A bayesian classifier library for Ruby

Primary LanguageJavaScriptGNU General Public License v3.0GPL-3.0

Introduction

This is a Naive Bayes classifier that can be used to categorize text based on trained "pools". Training counts how often each word is used, except for any specified stop words. The Bayes::Bishop.guess method tokenizes the message and then calculates for each pool the probability that the message is the same "classification" as that pool. For example, you could train the system with one pool of "spam" email and one pool of "non-spam" email. Then you could ask the guess method which pool each incoming message belongs to.

Usage

  1. Create a Bishop::Bayes object:

    b = Bishop::Bayes.new

  2. Train with multiple pools of text:

    b.train('pool1')
    b.train('pool2')
    b.train('pool3')

  3. Call the guess method with a message to categorize:

    guesses = b.guess('This is a sentence')

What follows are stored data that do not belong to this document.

(* The conditional rewriting system $R$ is confluent.
   Context: Terms are built from variables and the constants $C,T,F,K,S$ by binary application (left-associative). $\mathrm{CLC}$ is the conditional system with rules $C\,T\,x\,y\to x$; $C\,F\,x\,y\to y$; $C\,z\,x\,y\to x \Leftarrow x=y$; $K\,x\,y\to x$; $S\,x\,y\,z\to x\,z\,(y\,z)$, where $=$ is convertibility in the system itself, defined by levels ($R_0$: condition empty; $R_{n+1}$: $=$ is conversion of $\to_{R_n}$; $\to_{\mathrm{CLC}}=\bigcup_n\to_{R_n}$); $=_{\mathrm{CLC}}$ is conversion in $\mathrm{CLC}$. $R$ is the conditional rewriting system (closed under contexts) with rules: $C\,T\,x\,y\to x$; $C\,z\,x\,y\to y \Leftarrow z=_{\mathrm{CLC}}F$; $C\,z\,x\,y\to x\Leftarrow z\neq_{\mathrm{CLC}}F \wedge x=_{\mathrm{CLC}}y$; $K\,x\,y\to x$; $S\,x\,y\,z\to x\,z\,(y\,z)$. *)

From Stdlib Require Import Relations.

Inductive term : Type :=
| Var : nat -> term
| Ct : term
| Tt : term
| Ft : term
| Kt : term
| St : term
| App : term -> term -> term.

(* One-step rewriting of the CLC rules, closed under contexts, where the
   condition of the conditional rule C z x y -> x <= x = y is interpreted
   by the relation E. *)
Inductive clc_step_with (E : term -> term -> Prop) : term -> term -> Prop :=
| clc_CT : forall x y, clc_step_with E (App (App (App Ct Tt) x) y) x
| clc_CF : forall x y, clc_step_with E (App (App (App Ct Ft) x) y) y
| clc_Ceq : forall z x y, E x y -> clc_step_with E (App (App (App Ct z) x) y) x
| clc_K : forall x y, clc_step_with E (App (App Kt x) y) x
| clc_S : forall x y z,
    clc_step_with E (App (App (App St x) y) z) (App (App x z) (App y z))
| clc_appL : forall s s' t, clc_step_with E s s' -> clc_step_with E (App s t) (App s' t)
| clc_appR : forall s t t', clc_step_with E t t' -> clc_step_with E (App s t) (App s t').

(* Levels: R_0 has empty condition (never satisfied);
   R_{n+1} interprets = as convertibility of ->_{R_n}. *)
Fixpoint clc_level (n : nat) : term -> term -> Prop :=
  match n with
  | O => clc_step_with (fun _ _ => False)
  | S m => clc_step_with (clos_refl_sym_trans term (clc_level m))
  end.

Definition clc_step (s t : term) : Prop := exists n, clc_level n s t.

Definition clc_conv : term -> term -> Prop := clos_refl_sym_trans term clc_step.

Inductive R_step : term -> term -> Prop :=
| R_CT : forall x y, R_step (App (App (App Ct Tt) x) y) x
| R_CF : forall z x y, clc_conv z Ft -> R_step (App (App (App Ct z) x) y) y
| R_Ceq : forall z x y, ~ clc_conv z Ft -> clc_conv x y ->
    R_step (App (App (App Ct z) x) y) x
| R_K : forall x y, R_step (App (App Kt x) y) x
| R_S : forall x y z, R_step (App (App (App St x) y) z) (App (App x z) (App y z))
| R_appL : forall s s' t, R_step s s' -> R_step (App s t) (App s' t)
| R_appR : forall s t t', R_step t t' -> R_step (App s t) (App s t').

Definition R_red : term -> term -> Prop := clos_refl_trans term R_step.

Definition confluent_rel (r : term -> term -> Prop) : Prop :=
  forall a b c, clos_refl_trans term r a b -> clos_refl_trans term r a c ->
    exists d, clos_refl_trans term r b d /\ clos_refl_trans term r c d.

From Stdlib Require Import Relations.
From Stdlib Require Import Classical Lia List.

(* Confluence of R, following Tait and Martin-Löf's parallel-reduction method.

   The conditions of R refer only to the fixed relation =_CLC, so R behaves
   like an unconditional system in which the C-rules are selected by
   properties of the arguments.  Its only possible overlap is C T x y, which
   would reduce to both x and y if T =_CLC F held.  We therefore first show
   that CLC is consistent, by interpreting terms in an Engeler-style graph
   model in which every CLC step preserves denotations while T and F denote
   different sets.  Next we introduce parallel reduction Par, which lies
   between R_step and its reflexive-transitive closure, and prove the
   triangle property: every term a has a complete development a' with
   Par b a' whenever Par a b.  The triangle property gives the diamond
   property of Par, and an abstract lemma transfers the diamond property of
   Par to confluence of R. *)

Section DiamondToConfluence.

Variable A : Type.
Variables r p : A -> A -> Prop.

Hypothesis p_diamond :
  forall a b c, p a b -> p a c -> exists d, p b d /\ p c d.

    The return value is a hash where the keys are pool names and the values are the probability that the message belongs to that pool.

Features

  • Stop words may be specified

    b.add_stop_words(an_array_words)
    b.add_stop_word('word')

  • You can include the default stop words list

    b.load_default_stop_words

  • You can choose between the default tokenizer, a stemming tokenizer, or a custom tokenizer

    b = Bishop::Bayes.new b = Bishop::Bayes.new(Bishop::StemmingTokenizer) b = Bishop::Bayes.new(CustomTokenizer)